(Collected data)
▬▬▬
Section Tail.
Variables (p r : nat).
Hypotheses (p_prime : prime p) (r_gt0 : (0 < r)%N).

Let p_gt0 : (0 < p)%N := prime_gt0 p_prime.

Definition tail_sum k : rat :=
  \sum_(1 <= i < p ^ r | ~~ (p ^ r.-1 %| i)%N) ((p ^ r)%:R / i%:R) ^+ k.

Lemma pow_sum_split k :
  (p ^ r)%:R ^+ k * pow_sum harm (p ^ r).-1 k
  = p%:R ^+ k * pow_sum harm p.-1 k + tail_sum k.
Proof.
rewrite !scaled_pow_sum ?expn_gt0 ?p_gt0 // (bigID (fun i => p ^ r.-1 %| i)%N) /=.
congr (_ + _).
have pr : (p ^ r = p ^ r.-1 * p)%N by rewrite -expnSr prednK.
rewrite [in LHS]pr sum_multiples ?expn_gt0 ?p_gt0 //.
rewrite [LHS]big_nat_cond [RHS]big_nat_cond; apply: eq_bigr => m /andP[/andP[m_gt0 _] _].
have m0 : m%:R != 0 :> rat by rewrite pnatr_eq0 -lt0n.
have c0 : (p ^ r.-1)%:R != 0 :> rat by rewrite pnatr_eq0 -lt0n expn_gt0 p_gt0.
by rewrite !natrM; congr (_ ^+ _); field; rewrite m0 c0.
Qed.

Lemma tail_index i : (0 < i)%N -> ~~ (p ^ r.-1 %| i)%N ->
  (2 <= r)%N /\ (p ^ (r - 2))%:R / i%:R \is a p_integral p.
Proof.
move=> i_gt0 ndvd.
have r_ge2 : (2 <= r)%N by move: ndvd; case: (r) => [|[|]] //; rewrite expn0 dvd1n.
split=> //; apply: p_integral_pow_div => //.
by rewrite (_ : (r - 2).+1 = r.-1) //; lia.
Qed.

Lemma natr_pow_split : (2 <= r)%N ->
  (p ^ r)%:R = p%:R ^+ 2 * (p ^ (r - 2))%:R :> rat.
Proof. by move=> r_ge2; rewrite -natrX -natrM -expnD subnKC. Qed.

(* Each tail term [N / i] is [p^2] times a [p]-integral number. *)
Lemma tail_sum_integral k : tail_sum k / p%:R ^+ (2 * k) \is a p_integral p.
Proof.
rewrite /tail_sum mulr_suml big_nat_cond.
apply: rpred_sum => i /andP[/andP[i_gt0 _] ndvd].
have [r_ge2 int_i] := tail_index i_gt0 ndvd.
have pk0 : p%:R ^+ (2 * k) != 0 :> rat by rewrite expf_neq0 // pnatr_eq0 -lt0n.
by rewrite natr_pow_split // -mulrA exprMn -exprM mulrAC divff ?mul1r ?rpredX.
Qed.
▬▬▬
**Directions**: All the entries should be output exactly as given.

**Solution to the problem**:
Section Tail.
Variables (p r : nat).
Hypotheses (p_prime : prime p) (r_gt0 : (0 < r)%N).

Let p_gt0 : (0 < p)%N := prime_gt0 p_prime.

Definition tail_sum k : rat :=
  \sum_(1 <= i < p ^ r | ~~ (p ^ r.-1 %| i)%N) ((p ^ r)%:R / i%:R) ^+ k.

Lemma pow_sum_split k :
  (p ^ r)%:R ^+ k * pow_sum harm (p ^ r).-1 k
  = p%:R ^+ k * pow_sum harm p.-1 k + tail_sum k.
Proof.
rewrite !scaled_pow_sum ?expn_gt0 ?p_gt0 // (bigID (fun i => p ^ r.-1 %| i)%N) /=.
congr (_ + _).
have pr : (p ^ r = p ^ r.-1 * p)%N by rewrite -expnSr prednK.
rewrite [in LHS]pr sum_multiples ?expn_gt0 ?p_gt0 //.
rewrite [LHS]big_nat_cond [RHS]big_nat_cond; apply: eq_bigr => m /andP[/andP[m_gt0 _] _].
have m0 : m%:R != 0 :> rat by rewrite pnatr_eq0 -lt0n.
have c0 : (p ^ r.-1)%:R != 0 :> rat by rewrite pnatr_eq0 -lt0n expn_gt0 p_gt0.
by rewrite !natrM; congr (_ ^+ _); field; rewrite m0 c0.
Qed.

Lemma tail_index i : (0 < i)%N -> ~~ (p ^ r.-1 %| i)%N ->
  (2 <= r)%N /\ (p ^ (r - 2))%:R / i%:R \is a p_integral p.
Proof.
move=> i_gt0 ndvd.
have r_ge2 : (2 <= r)%N by move: ndvd; case: (r) => [|[|]] //; rewrite expn0 dvd1n.
split=> //; apply: p_integral_pow_div => //.
by rewrite (_ : (r - 2).+1 = r.-1) //; lia.
Qed.

Lemma natr_pow_split : (2 <= r)%N ->
  (p ^ r)%:R = p%:R ^+ 2 * (p ^ (r - 2))%:R :> rat.
Proof. by move=> r_ge2; rewrite -natrX -natrM -expnD subnKC. Qed.

(* Each tail term [N / i] is [p^2] times a [p]-integral number. *)
Lemma tail_sum_integral k : tail_sum k / p%:R ^+ (2 * k) \is a p_integral p.
Proof.
rewrite /tail_sum mulr_suml big_nat_cond.
apply: rpred_sum => i /andP[/andP[i_gt0 _] ndvd].
have [r_ge2 int_i] := tail_index i_gt0 ndvd.
have pk0 : p%:R ^+ (2 * k) != 0 :> rat by rewrite expf_neq0 // pnatr_eq0 -lt0n.
by rewrite natr_pow_split // -mulrA exprMn -exprM mulrAC divff ?mul1r ?rpredX.
Qed.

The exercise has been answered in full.